L’entrée en vigueur de la réforme de la prescription le 17 juin 2008 a entrainé une réduction notable de sa durée : de trentenaire, la prescription de droit commun est devenue quinquennale. Et, aux termes de l’article 2262 ancien du code civil 2)2262 ancien du code civil : « Toutes les actions, tant réelles que personnelles, sont prescrites par trente ans, sans que celui qui allègue cette prescription soit obligé d’en rapporter un titre ou qu’on puisse lui opposer l’exception déduite de la mauvaise foi. », la durée de trente ans courrait sans précision sur son point de départ, tandis que depuis le 17 juin 2008, les dispositions de l’article 2224 3)2224 du code civil : « Les actions personnelles ou mobilières se prescrivent par cinq ans à compter du jour où le titulaire d’un droit a connu ou aurait dû connaître les faits lui permettant de l’exercer. » prévoient désormais que le délai de cinq ans débute à compter du jour où le titulaire du droit a connu ou aurait dû connaitre les faits lui permettant de l’exercer (délai dit « glissant »).

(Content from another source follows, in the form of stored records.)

Definition flip x : letter T := (x.1, ~~ x.2).
Definition wopp s := rev (map flip s).
Definition reduced s := sorted (fun x y => ~~ cancels x y) s.
Definition wcommute a b := reduce (a ++ b) = reduce (b ++ a).
Definition wconj x s := flip x :: s ++ [:: x].

Lemma flipK : involutive flip.
Proof. by case=> x1 x2; rewrite /flip /= negbK. Qed.

Lemma cancelsC x y : cancels x y = cancels y x.
Proof. by rewrite /cancels (eq_sym x.1); case: (x.2); case: (y.2). Qed.

Lemma cancels_flip x y : cancels x y -> y = flip x.
Proof.
case: x y => [x1 x2] [y1 y2]; rewrite /cancels /flip /= => /andP [/eqP -> ].
by case: x2; case: y2.
Qed.

Lemma cancels_flipr x : cancels x (flip x).
Proof. by case: x => x1 x2; rewrite /cancels /= eqxx; case: x2. Qed.

Lemma cancels_flipl x : cancels (flip x) x.
Proof. by rewrite cancelsC cancels_flipr. Qed.

Lemma woppK : involutive wopp.
Proof. by move=> s; rewrite /wopp map_rev revK -map_comp (eq_map flipK) map_id. Qed.

Lemma wopp_cat a b : wopp (a ++ b) = wopp b ++ wopp a.
Proof. by rewrite /wopp map_cat rev_cat. Qed.

Lemma wopp_rcons s x : wopp (rcons s x) = flip x :: wopp s.
Proof. by rewrite -cats1 wopp_cat. Qed.

Lemma size_wopp s : size (wopp s) = size s.
Proof. by rewrite size_rev size_map. Qed.

Lemma wopp_wpow s n : wopp (wpow s n) = wpow (wopp s) n.
Proof. by rewrite /wopp /wpow map_flatten map_nseq -/(wpow _ n) wpow_rev. Qed.

Lemma reduced_push x r : reduced r -> reduced (push x r).
Proof.
case: r => [|y r] //= Hr; case: ifP => H; first exact: path_sorted Hr.
by rewrite /reduced /= H.
Qed.

Lemma reduced_reduce s : reduced (reduce s).
Proof. by elim: s => [|x s IH] //=; apply: reduced_push. Qed.

Lemma reduce_id r : reduced r -> reduce r = r.
Proof.
elim: r => [|x r IH] //= Hr; rewrite IH; last exact: path_sorted Hr.
by case: r Hr {IH} => [|y r] //= /andP [/negbTE ->].
Qed.

Lemma reduceK s : reduce (reduce s) = reduce s.
Proof. exact/reduce_id/reduced_reduce. Qed.

Lemma reduce_cancel2 x y t : cancels x y -> reduce (x :: y :: t) = reduce t.
Proof.
move=> Hxy /=; have := reduced_reduce t.
case: (reduce t) => [|z r] /=; first by rewrite Hxy.
case: ifP => [Hyz|_]; last by rewrite /= Hxy.
rewrite (cancels_flip Hyz) (cancels_flip Hxy) flipK.
by case: r => [|u r] //= /andP [/negbTE ->].
Qed.

Lemma reduce_cat a b : reduce (a ++ b) = foldr (@push T) (reduce b) a.
Proof. by rewrite /reduce foldr_cat. Qed.

Lemma reduce_catr a b : reduce (a ++ reduce b) = reduce (a ++ b).
Proof. by rewrite !reduce_cat reduceK. Qed.

Lemma reduce_catl a b : reduce (reduce a ++ b) = reduce (a ++ b).
Proof.
elim: a => [|x a IH] //=; rewrite -IH.
case: (reduce a) => [|y r] //=; case: ifP => // Hxy.
by rewrite -[RHS]/(reduce (x :: y :: r ++ b)) reduce_cancel2.
Qed.

Lemma reduce_cat_congr a a' b b' : reduce a = reduce a' -> reduce b = reduce b' ->
  reduce (a ++ b) = reduce (a' ++ b').
Proof.
by move=> Ha Hb; rewrite -reduce_catl -reduce_catr Ha Hb reduce_catr reduce_catl.
Qed.

Lemma reduce_cancel_mid a c x y : cancels x y ->
  reduce (a ++ x :: y :: c) = reduce (a ++ c).
Proof. by move=> H; rewrite -reduce_catr reduce_cancel2 // reduce_catr. Qed.
(* A gentle quiver $(\Delta,R)$ is of tree type (i.e. $|\Delta_0|=|\Delta_1|+1$) if and only if $f_{(\Delta,R)}=[p+2,\,p]$ for some $p\in\mathbb N$.
   Context: A quiver $\Delta$ has finite vertex set $\Delta_0$, arrow set $\Delta_1$, maps $s,t$. A path of length $n\ge1$ is $(\alpha_1,\dots,\alpha_n)$ with $s\alpha_i=t\alpha_{i+1}$. A gentle quiver is $(\Delta,R)$ with $\Delta$ connected, $R$ a set of paths of length 2, such that: (1) each vertex is start of at most two arrows and end of at most two arrows; (2) for each arrow $\alpha$ at most one $\beta$ with $s\beta=t\alpha$, $(\beta,\alpha)\notin R$ and at most one $\gamma$ with $t\gamma=s\alpha$, $(\alpha,\gamma)\notin R$; (3) for each $\alpha$ at most one $\beta$ with $(\beta,\alpha)\in R$ and at most one $\gamma$ with $(\alpha,\gamma)\in R$; (4) for some $n$ every path of length $n$ has a subpath in $R$. Invariant $f_{(\Delta,R)}:\mathbb N^2\to\mathbb N$: choose $\sigma,\tau:\Delta_1\to\{\pm1\}$ with distinct arrows of same start having opposite $\sigma$, distinct arrows of same end opposite $\tau$, and for $s\alpha=t\beta$: $(\alpha,\beta)\in R$ iff $\sigma\alpha=\tau\beta$; $\sigma\omega=\sigma\alpha_n,\tau\omega=\tau\alpha_1$. Permitted paths: no consecutive pair in $R$, plus trivial $1_{x,\varepsilon}$ ($s=t=x$, $\sigma=\varepsilon,\tau=-\varepsilon$); maximal if no arrow $\alpha$ with $s\alpha=t\omega,\sigma\alpha=-\tau\omega$ and no $\beta$ with $t\beta=s\omega,\tau\beta=-\sigma\omega$; set $\mathcal M$. Antipaths: all consecutive pairs in $R$, plus trivial $1'_{x,\varepsilon}$ ($\sigma=\tau=\varepsilon$); maximal if no $\alpha$ with $s\alpha=t\omega,\sigma\alpha=\tau\omega$ and no $\beta$ with $t\beta=s\omega,\tau\beta=\sigma\omega$; set $\mathcal N$. $\phi:\mathcal M\to\mathcal N$, $\omega\mapsto$ unique $\omega'$ with $t\omega'=t\omega,\tau\omega'=-\tau\omega$; $\psi:\mathcal N\to\mathcal M$, $\omega\mapsto$ unique $\omega'$ with $s\omega'=s\omega,\sigma\omega'=-\sigma\omega$; $\Phi=\phi\psi$; $\Phi$-orbit: $p=|\mathcal O|$, $q=$ total length. $\mathcal C$: arrows $\alpha$ with $(\alpha)$ not a subpath of a maximal antipath; $\Psi(\alpha)=$ unique $\beta\in\mathcal C$ with $t\beta=s\alpha,\tau\beta=\sigma\alpha$; $\Psi$-orbit: $p=0$, $q=|\mathcal O|$. $f(p,q)=$ number of orbits with these values. $[p,q]$ is the characteristic function of $\{(p,q)\}$. *)

From HB Require Import structures.
From mathcomp Require Import all_boot.
From mathcomp Require Import finmap.
From mathcomp Require Import boolp classical_sets cardinality.
Lemma bf_quad_reflection i j :
  (B (quad i) (reflection lam p (quad j)) != 0) = ~~ opposite i j.
Proof.
have p0 : Q p != 0 by case/andP: center.
rewrite bf_reflection // bf_quad (bfC _ _ p) mulrAC.
have [ij|nij] := boolP (opposite i j).
  by rewrite [B p (quad j) * _]mulrC bf_center_opposite // divff // addrr_pchar2 ?eqxx.
by rewrite add0r !mulf_neq0 ?invr_eq0 ?bf_center_quad_neq0.
Qed.

Lemma bf_face_cube k l :
  (B (face_cube p k) (face_cube p l) != 0) = ((k.1 == l.1) != (k.2 == l.2)).
Proof.
have p0 : Q p != 0 by case/andP: center.
rewrite -parity_adjacency !ffunE.
case: ifP => _; case: ifP => _.
- by rewrite bf_quad; case: opposite; rewrite ?mulr1n ?mulr0n ?oner_eq0 ?eqxx.
- by rewrite bf_quad_reflection; case: opposite.
- by rewrite bfC bf_quad_reflection oppositeC; case: opposite.
- by rewrite bf_reflections // bf_quad; case: opposite; rewrite ?mulr1n ?mulr0n ?oner_eq0 ?eqxx.
Qed.

Lemma face_cube_coll k l :
  coll lam (face_cube p k) (face_cube p l) = (k.1 != l.1) && (k.2 != l.2).
Proof. exact: (bf_adjacency bf_face_cube).2. Qed.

Toutefois plus de quatorze ans après l’entrée en vigueur de la prescription quinquennale, l’application dans le temps de la réforme pose encore des questions nouvelles aux juridictions du fond.

En l’espèce, l’ancien OPHLM d’Issy-les-Moulineaux, devenu la SEM Seine Ouest Habitat et patrimoine, a passé en 1987 un marché portant sur la construction de plusieurs immeubles de logements sociaux. Le 25 janvier 2007, le balcon de l’un des immeubles s’est écroulé et a emporté dans sa chute les balcons inférieurs. Un premier rapport sur le sinistre a été rendu le 7 février 2007, sur la base duquel un arrêté de péril imminent a été pris par le maire. Puis, à la demande du maître d’ouvrage, le TGI de Nanterre a ordonné, le 18 juin 2007, une expertise judiciaire qui a donné lieu à un rapport d’expertise déposé le 20 mars 2015. C’est sur la base de ce dernier rapport que le maître d’ouvrage a engagé une action en « responsabilité contractuelle pour faute assimilable à une fraude ou à un dol ».

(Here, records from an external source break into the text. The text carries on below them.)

Lemma RcosE (x : R) : Rtrigo_def.cos x = cos x.
Proof.
rewrite /Rtrigo_def.cos; case: exist_cos => y.
rewrite /cos_in /infinite_sum => cos_ub.
suff cvg_y : series (cos_coeff' x) @ \oo --> y.
  exact: cvg_unique _ cvg_y (@cvg_cos_coeff' _ x).
rewrite -cvg_shiftS /=; apply/(@cvgrPdist_lt _ R^o) => e /RltP /cos_ub[N HN].
near=> n.
have nN : (n >= N)%coq_nat by apply/ssrnat.leP; near: n; exact: nbhs_infty_ge.
move: HN => /(_ _ nN) /[!RdistE] /RltP /=.
rewrite distrC sum_f_R0E; congr (`| _ - _ | < e).
apply: eq_bigr => k _; rewrite /cos_n /cos_coeff' RdivE RpowE INRE factE.
rewrite RpowE /Rsqr -exprnP mulrAC -mul2n exprM expr2.
by congr (_ * _ * _); congr (_`!%:R^-1); rewrite -mul2n.
Unshelve. all: by end_near. Qed.

(* [pi / 2] is the zero of [cos] in [[0, 2]], which characterises [PI / 2]. *)
Lemma RpiE : PI = pi.
Proof.
have [/andP[/RleP h0 /RleP h2] hc] := @pihalf_02_cos_pihalf R.
rewrite -RcosE in hc.
change (Rle (IZR 0) (Rdiv pi 2)) in h0.
change (Rle (Rdiv pi 2) 2) in h2.
change (Rtrigo_def.cos (Rdiv pi 2) = IZR 0) in hc.
have PI2_ge1 := PI2_1.
have [E|E] := cos_eq_0_2PI_0 _ h0 ltac:(lra) hc; last by lra.
have -> : PI = Rmult (Rdiv PI 2) 2 by field.
by rewrite -E; field.
Qed.

Definition gauss_int0 (y : R) : R := gauss_integral_proof.integral0_gauss y.

Lemma gauss_int0_ge0 (y : R) : Rle 0 (gauss_int0 y).
Proof. exact/RleP/gauss_integral_proof.integral0_gauss_ge0. Qed.
(* Let $\Sigma_1,\Sigma_2$ be alphabets with $\Sigma_1\subset\Sigma_2$. If $\varphi_1:\Sigma_1^+\to\Sigma_1^+$ is a reducible Parikh-positive morphism, then there exists a reducible Parikh-positive morphism $\varphi_2:\Sigma_2^+\to\Sigma_2^+$ such that $\varphi_2(a_i)=\varphi_1(a_i)$ for all $a_i\in\Sigma_1$ and $\varphi_2(a_j)=a_j$ for all $a_j\in\Sigma_2\setminus\Sigma_1$.
   Context: A morphism $\varphi:\Sigma^+\to\Sigma^+$ with $\Sigma=\{a_1,\dots,a_n\}$ satisfies $\varphi(uv)=\varphi(u)\varphi(v)$ (non-empty images); it is Parikh-positive if every letter of $\Sigma$ occurs in $\varphi(a_1)\cdots\varphi(a_n)$. An automorphism is an injective morphism mapping each letter to a single letter. A morphism $\varphi:\Sigma^+\to\Sigma^+$ is reducible if it equals $\psi_2\circ\psi_1$ for morphisms $\psi_1,\psi_2:\Sigma^+\to\Sigma^+$ neither of which is an automorphism. *)

From mathcomp Require Import all_boot.
Set Implicit Arguments. Unset Strict Implicit. Unset Printing Implicit Defensive.

(* A morphism Sigma^+ -> Sigma^+ is determined by the images of the letters:
   f : T -> seq T with every image non-empty. *)
Section Morphisms.
Variable T : finType.

Definition is_morph (f : T -> seq T) : Prop := forall a, f a <> [::].

Definition mapply (f : T -> seq T) (w : seq T) : seq T := flatten (map f w).

Definition mcomp (g f : T -> seq T) : T -> seq T := fun a => mapply g (f a).

Definition automorphism (f : T -> seq T) : Prop :=
  is_morph f /\ (forall a, size (f a) = 1) /\
  (forall u v : seq T, u <> [::] -> v <> [::] -> mapply f u = mapply f v -> u = v).

Definition parikh_positive (f : T -> seq T) : Prop :=
  forall b : T, b \in mapply f (enum T).

Definition reducible (f : T -> seq T) : Prop :=
  exists psi1 psi2 : T -> seq T,
    [/\ is_morph psi1, is_morph psi2, ~ automorphism psi1, ~ automorphism psi2
      & forall a, f a = mcomp psi2 psi1 a].
End Morphisms.

From mathcomp Require Import all_boot.

Set Implicit Arguments. Unset Strict Implicit. Unset Printing Implicit Defensive.

(* Extend a morphism of the subalphabet by the identity on the new letters.
   On words over the subalphabet the extension is the original morphism
   followed by the injective letter embedding [val], so extension commutes
   with composition and an extension is an automorphism only if the original
   morphism is one; a reducible decomposition therefore extends to one of the
   extended morphism. Parikh-positivity holds because old letters occur in the
   images of old letters and each new letter is its own image. *)

Lemma mapplyP (T : finType) (f : T -> seq T) (w : seq T) (b : T) :
  reflect (exists2 a, a \in w & b \in f a) (b \in mapply f w).
Proof.
apply: (iffP flattenP) => [[_ /mapP[a wa ->]] fab | [a wa fab]].
  by exists a.
by exists (f a); first exact: map_f.
Qed.

Section ExtendById.
Variables (T : finType) (P : pred T) (sT : subFinType P).

Definition extend (f : sT -> seq sT) (a : T) : seq T :=
  if insub a is Some x then map val (f x) else [:: a].

Lemma extend_val f (x : sT) : extend f (val x) = map val (f x).
Proof. by rewrite /extend valK. Qed.

Lemma extend_out f a : ~~ P a -> extend f a = [:: a].
Proof. by move=> Pa; rewrite /extend insubN. Qed.

Lemma mapply_extend f w : mapply (extend f) (map val w) = map val (mapply f w).
Proof.
by elim: w => //= x w IHw; rewrite /mapply /= map_cat -IHw extend_val.
Qed.

Lemma mcomp_extend g f : mcomp (extend g) (extend f) =1 extend (mcomp g f).
Proof.
move=> a; rewrite /mcomp; case: (insubP sT a) => [x _ <- | Pa].
  by rewrite !extend_val mapply_extend.
by rewrite !extend_out // /mapply /= cats0 extend_out.
Qed.

Lemma extend_morph f : is_morph f -> is_morph (extend f).
Proof.
move=> f_morph a; case: (insubP sT a) => [x _ <- | Pa].
  by rewrite extend_val; case: (f x) (f_morph x).
by rewrite extend_out.
Qed.

Lemma extend_automorphism f : automorphism (extend f) -> automorphism f.
Proof.
have val_nil (u : seq sT) : u <> [::] -> map val u <> [::] by case: u.
move=> [ext_morph [ext_size ext_inj]]; split; last split.
- by move=> x; have := ext_morph (val x); rewrite extend_val; case: (f x).
- by move=> x; have := ext_size (val x); rewrite extend_val size_map.
move=> u v u0 v0 fuv; apply: (inj_map val_inj).
by apply: ext_inj; rewrite ?mapply_extend ?fuv //; apply: val_nil.
Qed.

Lemma extend_reducible f : reducible f -> reducible (extend f).
Proof.
move=> [psi1 [psi2 [m1 m2 na1 na2 f_comp]]].
exists (extend psi1), (extend psi2); split; try exact: extend_morph.
- by move/extend_automorphism.
- by move/extend_automorphism.
move=> a; rewrite mcomp_extend /extend; case: insub => //= x.
by rewrite f_comp.
Qed.

Lemma extend_parikh_positive f : parikh_positive f -> parikh_positive (extend f).
Proof.
move=> f_pos b; case: (insubP sT b) => [y _ <- | Pb].
  have /mapplyP[x _ fxy] := f_pos y.
  by apply/mapplyP; exists (val x); rewrite ?mem_enum // extend_val map_f.
by apply/mapplyP; exists b; rewrite ?mem_enum // extend_out ?mem_seq1.
Qed.

End ExtendById.

Theorem proposition10 (Sigma2 : finType) (Sigma1 : {set Sigma2})
    (phi1 : {x : Sigma2 | x \in Sigma1} -> seq {x : Sigma2 | x \in Sigma1}) :
  is_morph phi1 -> reducible phi1 -> parikh_positive phi1 ->
  exists phi2 : Sigma2 -> seq Sigma2,
    [/\ is_morph phi2, reducible phi2, parikh_positive phi2,
        (forall (a : Sigma2) (Ha : a \in Sigma1), phi2 a = map val (phi1 (exist _ a Ha)))
      & (forall a : Sigma2, a \notin Sigma1 -> phi2 a = [:: a])].
Proof.
move=> phi1_morph phi1_red phi1_pos; exists (extend phi1); split.
- exact: extend_morph.
- exact: extend_reducible.
- exact: extend_parikh_positive.
- by move=> a Ha; apply: (extend_val phi1 (exist _ a Ha)).
- exact: extend_out.
Qed.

Les juges du fond ont condamné société Eiffage construction, la CAA considérant que l’action du maître d’ouvrage n’était pas prescrite « dès lors qu’elle n’avait couru qu’à la date à laquelle [il] avait eu connaissance du caractère dolosif de la faute du constructeur, à savoir le dépôt du rapport d’expertise le 20 mars 2015 ».

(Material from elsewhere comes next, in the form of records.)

Lemma proj_Eexc_xpow i e : proj i (Eexc i * x i ^+ e) = Eexc i * x i ^+ e.
Proof.
rewrite -Eexc_xpow proj_delta_seq ?mem_filter ?eqxx // proj_mono.
by congr (delta_seq _ (mono _)); rewrite /expo_red /expo_ray /expo_min; expo_arith.
Qed.

Lemma mcoef_Eexc_xpow i e f : mcoef (Eexc i * x i ^+ e) (expo_x i f) = (e == f)%:R.
Proof.
rewrite -Eexc_xpow mcoef_delta_seq ?mcoef_mono; last first.
  by move=> j; rewrite mem_filter => /andP[ji _]; rewrite ffunE (negbTE ji).
case: (eqVneq e f) => [->|ef]; first by rewrite eqxx.
suff /negbTE -> : expo_x i e != expo_x i f by [].
by apply: contra ef => /eqP/(congr1 (fun k : expo => k.1 i)); rewrite !ffunE eqxx => ->.
Qed.

Lemma horner_x_expand i (R : {poly K}) :
  horner_alg (x i) R = \sum_(e < size R) R`_e *: x i ^+ e.
Proof.
rewrite -{1}(coefK R) poly_def rmorph_sum; apply: eq_bigr => e _.
rewrite -mul_polyC rmorphM /= horner_algC rmorphXn -scalerAl mul1r.
by congr (_ *: _ ^+ _); exact: horner_algX.
Qed.

Lemma Eexc_poly i (R : {poly K}) :
  Eexc i * horner_alg (x i) R = \sum_(e < size R) R`_e *: (Eexc i * x i ^+ e).
Proof.
by rewrite horner_x_expand mulr_sumr; apply: eq_bigr => e _; rewrite scalerAr.
Qed.

Lemma proj_Eexc_poly i R :
  proj i (Eexc i * horner_alg (x i) R) = Eexc i * horner_alg (x i) R.
Proof.
rewrite !Eexc_poly (islin_sum (islin_proj i)).
by apply: eq_bigr => e _; rewrite (islin_proj i).2 proj_Eexc_xpow.
Qed.

Lemma Eexc_poly_eq0 i R : Eexc i * horner_alg (x i) R = 0 -> R = 0.
Proof.
rewrite Eexc_poly => H; apply/polyP => f; rewrite coef0.
case: (ltnP f (size R)) => hf; last by rewrite nth_default.
have := congr1 (mcoef^~ (expo_x i f)) H; rewrite /= mcoef0 (islin_sum (islin_mcoef _)).
under eq_bigr do rewrite mcoefZ mcoef_Eexc_xpow.
rewrite (bigD1 (Ordinal hf)) //= eqxx mulr1 big1 ?addr0 // => e ne.
by rewrite -val_eqE /= in ne; rewrite (negbTE ne) mulr0.
Qed.

Lemma Eexc_poly_pid i R : dimage [:: i] (Eexc i * horner_alg (x i) R) -> R = 0.
Proof. by move/pid_proj; rewrite proj_Eexc_poly; apply: Eexc_poly_eq0. Qed.

Lemma Eexc_idem i : Eexc i * Eexc i = Eexc i.
Proof.
rewrite /Eexc prod_mul_local; [|exact: local_Eexc_factor|exact: local_Eexc_factor].
by apply: eq_bigr => j _; case: (j != i); rewrite ?mulr1 ?idem_idem.
Qed.

Lemma Eexc_poly_mul i R1 R2 :
  (Eexc i * horner_alg (x i) R1) * (Eexc i * horner_alg (x i) R2) =
  Eexc i * horner_alg (x i) (R1 * R2).
Proof.
have xE : GRing.comm (x i) (Eexc i).
  apply: commr_prod => j _; case: (eqVneq j i) => [->|ji]; rewrite ?eqxx ?ji /=.
    exact: commr1.
  by have [] := local_comm_gens (@local_gF j 0 0) (_ : i != j); rewrite // eq_sym.
have RE : GRing.comm (horner_alg (x i) R1) (Eexc i).
  rewrite /GRing.comm horner_x_expand mulr_suml mulr_sumr; apply: eq_bigr => e _.
  by rewrite -scalerAl -scalerAr (commrX e (commr_sym xE)).
by rewrite rmorphM -mulrA (mulrA (horner_alg _ R1)) RE !mulrA Eexc_idem -mulrA.
Qed.

Definition reduced_at i (m : expo) : bool := (m.1 i == 0%N) || (m.2 i == 0%N).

Le Conseil d’Etat annule pour erreur de droit 4)Après avoir précisé que « 3. S’il résulte de ces dispositions que depuis l’entrée en vigueur de la loi du 17 juin 2008, les actions fondées sur la responsabilité pour faute assimilable à une fraude ou à un dol sont prescrites par cinq ans à compter de la date à laquelle le maître d’ouvrage connaissait ou aurait dû connaître l’existence de cette faute, par application des dispositions de l’article 2224 du code civil, elles étaient régies, jusqu’à l’entrée en vigueur de cette loi, par la prescription trentenaire qui courait à compter de la manifestation du dommage. » et indique que, les faits étant survenus avant l’entrée en vigueur de la réforme de la prescription du 17 juin 2008, le délai de la prescription courrait à compter de la « manifestation du dommage » et non à compter « de la date à laquelle la victime pouvait être regardée comme ayant eu connaissance du caractère dolosif du dommage ».

L’affaire est renvoyée devant la cour administrative d’appel de Versailles à qui il appartiendra de juger, au vu de la date de départ fixée par le Conseil d’Etat et des différents mécanismes d’interruption / suspension 5)Un exemple : CE 20 novembre 2020 Véolia, req. n° 432678 : Tables Rec CE, si l’action de la SEM Seine Ouest Habitat et patrimoine est prescrite.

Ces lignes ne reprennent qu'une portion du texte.